• _Prompt_
Range to output from the entries below: the line containing "exists (mkposreal _" through the line containing "assert (Hf2 : f 2 < 0).". Set it down exactly, ends included, nothing else.

[Records drawn from a dataset]

Lemma diff1_deriv f x : diff1 f -> I01 x -> exists l, deriv01 f x l.
Proof. intros [_ [[D [H _]] _]] Ix. exists (D x); auto. Qed.

Lemma diff1_deriv_nonzero f x l : diff1 f -> I01 x -> deriv01 f x l -> l <> 0.
Proof.
  intros [Hf [_ [f' [If' [Df' [Hd _]]]]]] Ix Dl.
  assert (E : Df' (f x) * l = 1).
  { apply (right_inverse_deriv f' f x); auto.
    - intros z Iz; apply If'; auto.
    - apply Hd, homeo01_maps_I01; auto. }
  intro; subst; lra.
Qed.

Lemma diff1_of_deriv f Df :
  homeo01 f -> (forall x, I01 x -> deriv01 f x (Df x)) -> (forall x, I01 x -> cont01 Df x) ->
  (forall x, I01 x -> Df x <> 0) -> diff1 f.
Proof.
  intros Hf Hd Hc Hnz. destruct (homeo01_inverse f Hf) as [k Hk].
  split; [exact Hf|split; [exists Df; auto|exists k; split; auto]].
  apply (inv01_C1 f k Hf Hk Df); auto.
Qed.

(* Candidate derivative of a map h induced by g with derivative Dg:
   1 where h fixes the point, Dg elsewhere (where h agrees with g). *)
Definition induced_slope (h Dg : R -> R) (x : R) : R :=
  if Req_EM_T (h x) x then 1 else Dg x.

Lemma induced_slope_cases h Dg y :
  (h y = y /\ induced_slope h Dg y = 1) \/ (h y <> y /\ induced_slope h Dg y = Dg y).
Proof. unfold induced_slope; destruct Req_EM_T; auto. Qed.
(* All four cut rates are [log2] of a numerator over the common denominator
   (1 + D1)(1 + D2), so minimising over cuts only compares numerators, which are
   polynomial in D1.  The rates of the cuts containing relay 1 increase in D1,
   the other two decrease, hence the max-min over D1 is attained where an
   increasing and a decreasing cut tie while both realise the minimum.  Which pair
   ties is decided by the sign of D2 - delta1 and D2 - delta2, which appear as
   factors of the differences of numerators at the candidate optimum. *)

Lemma ln2_pos : 0 < ln 2.
Proof. pose proof ln_lt_2; lra. Qed.

Lemma log2_le u v : 0 < u -> u <= v -> log2 u <= log2 v.
Proof.
  intros Hu [Huv | <-]; [|lra].
  apply Rmult_le_compat_r.
  - left; apply Rinv_0_lt_compat, ln2_pos.
  - left; apply ln_increasing; lra.
Qed.

Lemma log2_mult u v : 0 < u -> 0 < v -> log2 (u * v) = log2 u + log2 v.
Proof.
  intros; unfold log2; rewrite ln_mult by assumption.
  field; apply Rgt_not_eq, ln2_pos.
Qed.

Lemma log2_div u v : 0 < u -> 0 < v -> log2 (u / v) = log2 u - log2 v.
Proof.
  intros; unfold log2, Rdiv.
  rewrite ln_mult, ln_Rinv by (try apply Rinv_0_lt_compat; assumption).
  field; apply Rgt_not_eq, ln2_pos.
Qed.

Lemma pos_le u v : u <= v -> Defs.pos u <= Defs.pos v.
Proof. apply Rle_max_compat_r. Qed.
Lemma root_of_unity_pow (N e : nat) :
  (root_of_unity N ^ e)%C = cis (INR (e mod S N) * (2 * PI / INR (S N))).
Proof.
  assert (HN : 0 < INR (S N)) by apply lt_0_INR, Nat.lt_0_succ.
  unfold root_of_unity. rewrite cis_pow, (Nat.div_mod_eq e (S N)) at 1.
  rewrite plus_INR, mult_INR.
  replace ((INR (S N) * INR (e / S N) + INR (e mod S N)) * (2 * PI / INR (S N)))
    with (INR (e mod S N) * (2 * PI / INR (S N)) + 2 * INR (e / S N) * PI) by (field; lra).
  unfold cis. now rewrite cos_period, sin_period.
Qed.

Lemma sum_n_geom_C (q : C) (N : nat) :
  ((1 - q) * sum_n (fun j => q ^ j) N = 1 - q ^ S N)%C.
Proof.
  induction N as [|N IH].
  - rewrite sum_O. simpl. ring.
  - rewrite sum_Sn. change plus with Cplus.
    rewrite Cmult_plus_distr_l, IH. simpl. ring.
Qed.

Lemma sum_n_C_const_1 (N : nat) : sum_n (fun _ => RtoC 1) N = RtoC (INR (S N)).
Proof.
  induction N as [|N IH]; [now rewrite sum_O|].
  rewrite sum_Sn, IH, (S_INR (S N)), RtoC_plus. reflexivity.
Qed.

Lemma sum_n_root_of_unity_pow (N e : nat) :
  sum_n (fun j => (root_of_unity N ^ e) ^ j)%C N
  = if Nat.eqb (e mod S N) 0 then RtoC (INR (S N)) else RtoC 0.
Proof.
  assert (HN : 0 < INR (S N)) by apply lt_0_INR, Nat.lt_0_succ.
  rewrite root_of_unity_pow.
  assert (Hs : (e mod S N < S N)%nat) by (apply Nat.mod_upper_bound; lia).
  destruct (Nat.eqb_spec (e mod S N) 0) as [Hs0|Hs0].
  - rewrite Hs0, Rmult_0_l.
    replace (cis 0) with (RtoC 1) by (unfold cis; now rewrite cos_0, sin_0).
    rewrite <- sum_n_C_const_1. apply sum_n_ext. intros j. apply Cpow_1_l.
  - set (t := INR (e mod S N) * (2 * PI / INR (S N))).
    assert (Hq1 : cis t <> RtoC 1).
    { apply cis_neq_1. assert (0 < INR (e mod S N) < INR (S N)).
      { split; [apply lt_0_INR | apply lt_INR]; lia. }
      assert (0 < PI) by apply PI_RGT_0.
      unfold t. split.
      - apply Rmult_lt_0_compat; [lra | apply Rdiv_lt_0_compat; lra].
      - replace (2 * PI) with (INR (S N) * (2 * PI / INR (S N))) at 2 by (field; lra).
        apply Rmult_lt_compat_r; [apply Rdiv_lt_0_compat|]; lra. }
    assert (HqN : (cis t ^ S N)%C = RtoC 1).
    { unfold t. rewrite cis_pow.
      replace (INR (S N) * (INR (e mod S N) * (2 * PI / INR (S N))))
        with (0 + 2 * INR (e mod S N) * PI) by (field; lra).
      unfold cis. now rewrite cos_period, sin_period, cos_0, sin_0. }
    assert (Hne : (1 - cis t)%C <> RtoC 0).
    { intros E. apply Hq1. replace (cis t) with (1 - (1 - cis t))%C by ring.
      rewrite E. ring. }
    assert (Hgeom := sum_n_geom_C (cis t) N). rewrite HqN in Hgeom.
    assert (Hsum : @eq C (sum_n (fun j => cis t ^ j)%C N) 0).
    { replace (sum_n _ N) with (/ (1 - cis t) * ((1 - cis t) * sum_n (fun j => cis t ^ j) N))%C
        by (field; exact Hne).
      rewrite Hgeom. ring. }
    exact Hsum.
Qed.

(** * Cauchy's coefficient estimate *)

Lemma le_of_le_plus_geom (x M K q : R) (m : nat) :
  0 <= q < 1 -> (forall N, (m <= N)%nat -> x <= M + K * q ^ N) -> x <= M.
Proof.
  intros Hq Hx.
  assert (Hlim : is_lim_seq (fun N => M + K * q ^ N) (M + K * 0)).
  { apply (is_lim_seq_plus' _ _ M (K * 0)); [apply is_lim_seq_const|].
    apply (is_lim_seq_mult' (fun _ => K)); [apply is_lim_seq_const|].
    apply is_lim_seq_geom. rewrite Rabs_pos_eq; lra. }
  rewrite Rmult_0_r, Rplus_0_r in Hlim.
  exact (is_lim_seq_le_loc _ _ x M (ex_intro _ m Hx) (is_lim_seq_const x) Hlim).
Qed.

Lemma le_of_forall_pow_mul_le (x M : R) (m : nat) :
  (forall rho, 0 < rho < 1 -> rho ^ m * x <= M) -> x <= M.
Proof.
  intros Hx.
  set (rho := fun N => 1 - (1 / 2) ^ S N).
  assert (Hrho : forall N, 0 < rho N < 1).
  { intros N. assert (0 < (1 / 2) ^ S N) by (apply pow_lt; lra).
    assert ((1 / 2) ^ S N < 1) by (apply pow_lt_1_compat; [lra | lia]).
    unfold rho. lra. }
  assert (Hlim : is_lim_seq rho 1).
  { replace (Finite 1) with (Rbar_minus 1 0) by (simpl; f_equal; ring).
    apply is_lim_seq_minus'; [apply is_lim_seq_const|].
    apply (is_lim_seq_incr_1 (fun N => (1 / 2) ^ N)), is_lim_seq_geom.
    rewrite Rabs_pos_eq; lra. }
  assert (Hpow : is_lim_seq (fun N => rho N ^ m * x) (1 ^ m * x)).
  { apply (is_lim_seq_mult' _ (fun _ => x)); [|apply is_lim_seq_const].
    apply (is_lim_seq_continuous (fun y => y ^ m)); [|exact Hlim].
    apply derivable_continuous_pt, derivable_pt_pow. }
  rewrite pow1, Rmult_1_l in Hpow.
  exact (is_lim_seq_le _ _ x M (fun N => Hx _ (Hrho N)) Hpow (is_lim_seq_const M)).
Qed.
Lemma gamma_integrand_sub_le (v w V u : R) : 3 / 2 <= v <= V -> 3 / 2 <= w <= V -> 0 < u ->
  Rabs (gamma_integrand v u - gamma_integrand w u)
    <= 2 * (2 + exp (V * ln (2 * V + 2))) * Rabs (v - w) * exp (- u / 2).
Proof.
  intros Hv Hw Hu; unfold gamma_integrand, Rpower.
  set (K := 2 + exp (V * ln (2 * V + 2))).
  assert (Hv' := Rabs_ln_mul_exp_le (v - 1) (V - 1) u ltac:(lra) Hu).
  assert (Hw' := Rabs_ln_mul_exp_le (w - 1) (V - 1) u ltac:(lra) Hu).
  replace (V - 1 + 1) with V in Hv', Hw' by ring; fold K in Hv', Hw'.
  assert (Hdiff := Rabs_exp_sub_le ((v - 1) * ln u) ((w - 1) * ln u)).
  replace ((v - 1) * ln u - (w - 1) * ln u) with ((v - w) * ln u) in Hdiff by ring.
  rewrite Rabs_mult in Hdiff.
  rewrite <- Rmult_minus_distr_r, Rabs_mult, (Rabs_right (exp (- u))) by (left; apply exp_pos).
  replace (exp (- u / 2)) with (exp (u / 2) * exp (- u)) by (rewrite <- exp_plus; f_equal; field).
  assert (Hexp := exp_pos (- u)); assert (Habs := Rabs_pos (v - w)).
  assert (Rabs (exp ((v - 1) * ln u) - exp ((w - 1) * ln u))
            <= Rabs (v - w) * (2 * K * exp (u / 2))).
  { eapply Rle_trans; [exact Hdiff|]; rewrite Rmult_assoc.
    apply Rmult_le_compat_l; lra. }
  apply Rle_trans with (Rabs (v - w) * (2 * K * exp (u / 2)) * exp (- u));
    [apply Rmult_le_compat_r; lra | right; ring].
Qed.

Lemma Gamma_lipschitz (v w V : R) : 3 / 2 <= v <= V -> 3 / 2 <= w <= V ->
  Rabs (Gamma v - Gamma w) <= 4 * (2 + exp (V * ln (2 * V + 2))) * Rabs (v - w).
Proof.
  intros Hv Hw.
  replace (4 * (2 + exp (V * ln (2 * V + 2))) * Rabs (v - w))
    with (2 * (2 * (2 + exp (V * ln (2 * V + 2))) * Rabs (v - w))) by ring.
  set (h := fun u => minus (gamma_integrand v u) (gamma_integrand w u)).
  assert (Hcont : forall u, 0 < u -> continuous h u).
  { intros u Hu; apply (continuous_minus (gamma_integrand v) (gamma_integrand w));
      apply gamma_integrand_continuous, Hu. }
  apply (lim_RInt_dominated_abs_le h); [exact Hcont | |].
  { intros u Hu; apply gamma_integrand_sub_le; assumption. }
  assert (Hw' : filterlim (fun ab => opp (RInt (gamma_integrand w) (fst ab) (snd ab))) zero_infty
                  (locally (opp (Gamma w)))).
  { eapply filterlim_comp; [apply Gamma_cvg; lra|].
    apply (filterlim_opp (K := R_AbsRing) (V := R_NormedModule)). }
  assert (Hv' : filterlim (fun ab => RInt (gamma_integrand v) (fst ab) (snd ab)) zero_infty
                  (locally (Gamma v))) by (apply Gamma_cvg; lra).
  assert (Hlim := filterlim_comp_2 _ _ plus Hv' Hw'
                    (filterlim_plus (K := R_AbsRing) (V := R_NormedModule) _ _)).
  eapply filterlim_ext_loc; [|exact Hlim].
  apply (filter_imp (fun ab => 0 < fst ab /\ 0 < snd ab)); [|exact zero_infty_pos].
  intros [a b] [Ha Hb]; simpl; unfold h.
  rewrite (RInt_minus (V := R_CompleteNormedModule)); [reflexivity | |];
    apply ex_RInt_gamma_integrand; assumption.
Qed.

Lemma Gamma_continuous (v : R) : 2 <= v -> continuity_pt Gamma v.
Proof.
  intros Hv; apply continuity_pt_locally; intros eps.
  set (K := 4 * (2 + exp ((v + 1) * ln (2 * (v + 1) + 2)))).
  assert (HK : 0 < K) by (unfold K; assert (H := exp_pos ((v + 1) * ln (2 * (v + 1) + 2))); lra).
  assert (Hd : 0 < Rmin (1 / 2) (eps / K))
    by (apply Rmin_pos; [lra | apply Rdiv_lt_0_compat; [apply cond_pos | exact HK]]).
  exists (mkposreal _ Hd); intros w Hw; simpl in Hw.
  apply Rabs_lt_between in Hw; unfold minus, plus, opp in Hw; simpl in Hw.
  assert (H1 := Rmin_l (1 / 2) (eps / K)); assert (H2 := Rmin_r (1 / 2) (eps / K)).
  assert (Hlip := Gamma_lipschitz w v (v + 1) ltac:(lra) ltac:(lra)).
  assert (Hwv : Rabs (w - v) < eps / K) by (apply Rabs_def1; lra).
  apply (Rmult_lt_compat_l K) in Hwv; [|exact HK].
  replace (K * (eps / K)) with (pos eps) in Hwv by (field; lra).
  unfold K in Hwv; lra.
Qed.

(** * Inverting Gamma_r *)

Lemma Rpower_pow_inv (r : nat) (u : R) : (1 <= r)%nat -> 0 < u -> Rpower (u ^ r) (/ INR r) = u.
Proof.
  intros Hr Hu; assert (0 < INR r) by (apply lt_0_INR; lia).
  rewrite <- Rpower_pow, Rpower_mult, Rinv_r, Rpower_1 by lra; reflexivity.
Qed.

Lemma pow_Rpower_inv (r : nat) (x : R) : (1 <= r)%nat -> 0 < x -> Rpower x (/ INR r) ^ r = x.
Proof.
  intros Hr Hx; assert (0 < INR r) by (apply lt_0_INR; lia).
  rewrite <- Rpower_pow, Rpower_mult, Rinv_l, Rpower_1 by (try apply exp_pos; lra).
  reflexivity.
Qed.

Lemma Gamma_pow_ivt (r : nat) (L : R) : (1 <= r)%nat -> 8 ^ r < L ->
  exists z, 2 <= z /\ Gamma z ^ r = L.
Proof.
  intros Hr HL.
  assert (HL0 : 0 < L) by (assert (H := pow_lt 8 r ltac:(lra)); lra).
  set (V := L + exp 1 + 2).
  set (f := fun z => Gamma z ^ r - L).
  assert (Hcont : forall z, 2 <= z <= V -> continuity_pt f z).
  { intros z Hz; unfold f.
    apply (continuity_pt_minus (comp (fun y => y ^ r) Gamma) (fct_cte L)).
    - apply continuity_pt_comp; [apply Gamma_continuous; lra|].
      apply derivable_continuous_pt, derivable_pt_pow.
    - apply continuity_pt_const; intros x y; reflexivity. }
  assert (Hf2 : f 2 < 0).
  { unfold f; assert (H := Gamma_le 2 ltac:(lra)); assert (H0 := Gamma_pos 2 ltac:(lra)).
    replace ((2 - 1) * ln (2 * 2)) with (ln 4) in H by (replace (2 * 2) with 4 by ring; ring).
    rewrite exp_ln in H by lra.
    assert (Gamma 2 ^ r <= 8 ^ r) by (apply pow_incr; lra); lra. }
  assert (HV : 2 < V) by (unfold V; assert (H := exp_pos 1); lra).
  assert (HfV : 0 < f V).
  { unfold f; assert (H := Gamma_ge V (exp 1) ltac:(lra) (exp_pos 1)).
    unfold Rpower in H; rewrite ln_exp, Rmult_1_r, <- exp_plus in H.
    replace (V - 1 + - (exp 1 + 1)) with L in H by (unfold V; ring).
    assert (H1 := exp_ineq1_le L).
    assert (Gamma V ^ 1 <= Gamma V ^ r) by (apply Rle_pow; [lra | exact Hr]).
    simpl in *; lra. }
  destruct (IVT_interv f 2 V Hcont HV Hf2 HfV) as [z [Hz Hfz]].
  exists z; split; [lra | unfold f in Hfz; lra].
Qed.
(* Let $p,q\in(0,1/2)$. If $K_{pq}$ is a twofold Cantor set, then $\frac{\log p}{\log q}\notin\mathbb Q$.
   Context: For $p,q\in(0,1/2)$ let $S_1(x)=px$, $S_2(x)=qx$, $S_3(x)=px+1-p$, $S_4(x)=qx+1-q$, let $K_{pq}$ be the attractor of $\{S_1,S_2,S_3,S_4\}$ (the unique nonempty compact $K\subset\mathbb R$ with $K=\bigcup_{i=1}^4S_i(K)$), and let $A=S_3(K_{pq})\cup S_4(K_{pq})$. $K_{pq}$ is called a twofold Cantor set if $S_1^m(A)\cap S_2^n(A)=\varnothing$ for all $m,n\in\mathbb N$. *)

From Stdlib Require Import Reals Rtopology ZArith.
Open Scope R_scope.

Definition S1 (p q : R) (x : R) : R := p * x.
Definition S2 (p q : R) (x : R) : R := q * x.
Definition S3 (p q : R) (x : R) : R := p * x + 1 - p.
Definition S4 (p q : R) (x : R) : R := q * x + 1 - q.

Definition img (f : R -> R) (X : R -> Prop) : R -> Prop :=
  fun y => exists x, X x /\ y = f x.

(* K is the attractor of {S1,S2,S3,S4}: nonempty, compact, and
   K = S1(K) ∪ S2(K) ∪ S3(K) ∪ S4(K). (Such K is unique by Hutchinson.) *)
Definition is_attractor (p q : R) (K : R -> Prop) : Prop :=
  (exists x, K x) /\ compact K /\
  forall y, K y <-> (img (S1 p q) K y \/ img (S2 p q) K y \/
                     img (S3 p q) K y \/ img (S4 p q) K y).

Definition setA (p q : R) (K : R -> Prop) : R -> Prop :=
  fun y => img (S3 p q) K y \/ img (S4 p q) K y.

Definition twofold_cantor (p q : R) (K : R -> Prop) : Prop :=
  forall m n : nat, (1 <= m)%nat -> (1 <= n)%nat ->
    forall y, ~ (img (Nat.iter m (S1 p q)) (setA p q K) y /\
                 img (Nat.iter n (S2 p q)) (setA p q K) y).

Definition is_rational (x : R) : Prop :=
  exists (a b : Z), b <> 0%Z /\ x = IZR a / IZR b.

From Stdlib Require Import Reals Rtopology ZArith Lra Lia.
Open Scope R_scope.

(* If log p / log q = n / m with m, n >= 1, then p^m = q^n, so the maps S1^m
   and S2^n are the same homothety x |-> p^m x.  They then send the nonempty
   set A onto the same set, contradicting S1^m(A) ∩ S2^n(A) = ∅. *)

Lemma iter_mult (c : R) (m : nat) (x : R) :
  Nat.iter m (fun y => c * y) x = c ^ m * x.
Proof. induction m as [|m IH]; simpl; [ring | rewrite IH; ring]. Qed.

Lemma INR_Z_abs_nat (z : Z) : INR (Z.abs_nat z) = Rabs (IZR z).
Proof. now rewrite INR_IZR_INZ, Zabs2Nat.id_abs, abs_IZR. Qed.

Lemma is_rational_pos_nat_ratio (x : R) :
  is_rational x -> 0 < x ->
  exists m n : nat, (1 <= m)%nat /\ (1 <= n)%nat /\ x = INR n / INR m.
Proof.
  intros [a [b [Hb Hx]]] Hpos.
  assert (Ha : a <> 0%Z).
  { intros ->. rewrite Hx in Hpos. unfold Rdiv in Hpos. lra. }
  exists (Z.abs_nat b), (Z.abs_nat a).
  split; [lia | split; [lia |]].
  rewrite !INR_Z_abs_nat, <- (Rabs_pos_eq x) by lra.
  rewrite Hx. unfold Rdiv. now rewrite Rabs_mult, Rabs_inv.
Qed.

Lemma pow_eq_of_ln_ratio (p q : R) (m n : nat) :
  0 < p -> 0 < q -> ln q <> 0 -> (1 <= m)%nat ->
  ln p / ln q = INR n / INR m -> p ^ m = q ^ n.
Proof.
  intros Hp Hq Hlq Hm Hratio.
  assert (Hm0 : INR m <> 0) by (apply not_0_INR; lia).
  assert (Hcross : INR m * ln p = INR n * ln q).
  { replace (ln p) with (ln p / ln q * ln q) by (field; exact Hlq).
    rewrite Hratio. field. exact Hm0. }
  apply ln_inv; try apply pow_lt; auto.
  now rewrite !ln_pow.
Qed.

Lemma ln_neg_of_lt_1 (x : R) : 0 < x < 1 -> ln x < 0.
Proof. intros Hx. rewrite <- ln_1. apply ln_increasing; lra. Qed.

Lemma twofold_cantor_pow_neq (p q : R) (K : R -> Prop) (m n : nat) :
  (exists k, K k) -> twofold_cantor p q K ->
  (1 <= m)%nat -> (1 <= n)%nat -> p ^ m <> q ^ n.
Proof.
  intros [k Hk] Htw Hm Hn Hpow.
  assert (HA : setA p q K (S3 p q k)) by (left; exists k; auto).
  apply (Htw m n Hm Hn (p ^ m * S3 p q k)).
  split; exists (S3 p q k); split; auto.
  - symmetry. apply iter_mult.
  - rewrite Hpow. symmetry. apply iter_mult.
Qed.

Theorem proposition5 (p q : R) (K : R -> Prop) :
  0 < p < 1/2 -> 0 < q < 1/2 ->
  is_attractor p q K ->
  twofold_cantor p q K ->
  ~ is_rational (ln p / ln q).
Proof.
  intros Hp Hq [HK _] Htw Hrat.
  assert (Hlp : ln p < 0) by (apply ln_neg_of_lt_1; lra).
  assert (Hlq : ln q < 0) by (apply ln_neg_of_lt_1; lra).
  destruct (is_rational_pos_nat_ratio _ Hrat (Rdiv_neg_neg _ _ Hlp Hlq))
    as [m [n [Hm [Hn Hratio]]]].
  apply (twofold_cantor_pow_neq p q K m n HK Htw Hm Hn).
  apply pow_eq_of_ln_ratio; [lra | lra | lra | exact Hm | exact Hratio].
Qed.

• _Solution to this task_
  exists (mkposreal _ Hd); intros w Hw; simpl in Hw.
  apply Rabs_lt_between in Hw; unfold minus, plus, opp in Hw; simpl in Hw.
  assert (H1 := Rmin_l (1 / 2) (eps / K)); assert (H2 := Rmin_r (1 / 2) (eps / K)).
  assert (Hlip := Gamma_lipschitz w v (v + 1) ltac:(lra) ltac:(lra)).
  assert (Hwv : Rabs (w - v) < eps / K) by (apply Rabs_def1; lra).
  apply (Rmult_lt_compat_l K) in Hwv; [|exact HK].
  replace (K * (eps / K)) with (pos eps) in Hwv by (field; lra).
  unfold K in Hwv; lra.
Qed.

(** * Inverting Gamma_r *)

Lemma Rpower_pow_inv (r : nat) (u : R) : (1 <= r)%nat -> 0 < u -> Rpower (u ^ r) (/ INR r) = u.
Proof.
  intros Hr Hu; assert (0 < INR r) by (apply lt_0_INR; lia).
  rewrite <- Rpower_pow, Rpower_mult, Rinv_r, Rpower_1 by lra; reflexivity.
Qed.

Lemma pow_Rpower_inv (r : nat) (x : R) : (1 <= r)%nat -> 0 < x -> Rpower x (/ INR r) ^ r = x.
Proof.
  intros Hr Hx; assert (0 < INR r) by (apply lt_0_INR; lia).
  rewrite <- Rpower_pow, Rpower_mult, Rinv_l, Rpower_1 by (try apply exp_pos; lra).
  reflexivity.
Qed.

Lemma Gamma_pow_ivt (r : nat) (L : R) : (1 <= r)%nat -> 8 ^ r < L ->
  exists z, 2 <= z /\ Gamma z ^ r = L.
Proof.
  intros Hr HL.
  assert (HL0 : 0 < L) by (assert (H := pow_lt 8 r ltac:(lra)); lra).
  set (V := L + exp 1 + 2).
  set (f := fun z => Gamma z ^ r - L).
  assert (Hcont : forall z, 2 <= z <= V -> continuity_pt f z).
  { intros z Hz; unfold f.
    apply (continuity_pt_minus (comp (fun y => y ^ r) Gamma) (fct_cte L)).
    - apply continuity_pt_comp; [apply Gamma_continuous; lra|].
      apply derivable_continuous_pt, derivable_pt_pow.
    - apply continuity_pt_const; intros x y; reflexivity. }
  assert (Hf2 : f 2 < 0).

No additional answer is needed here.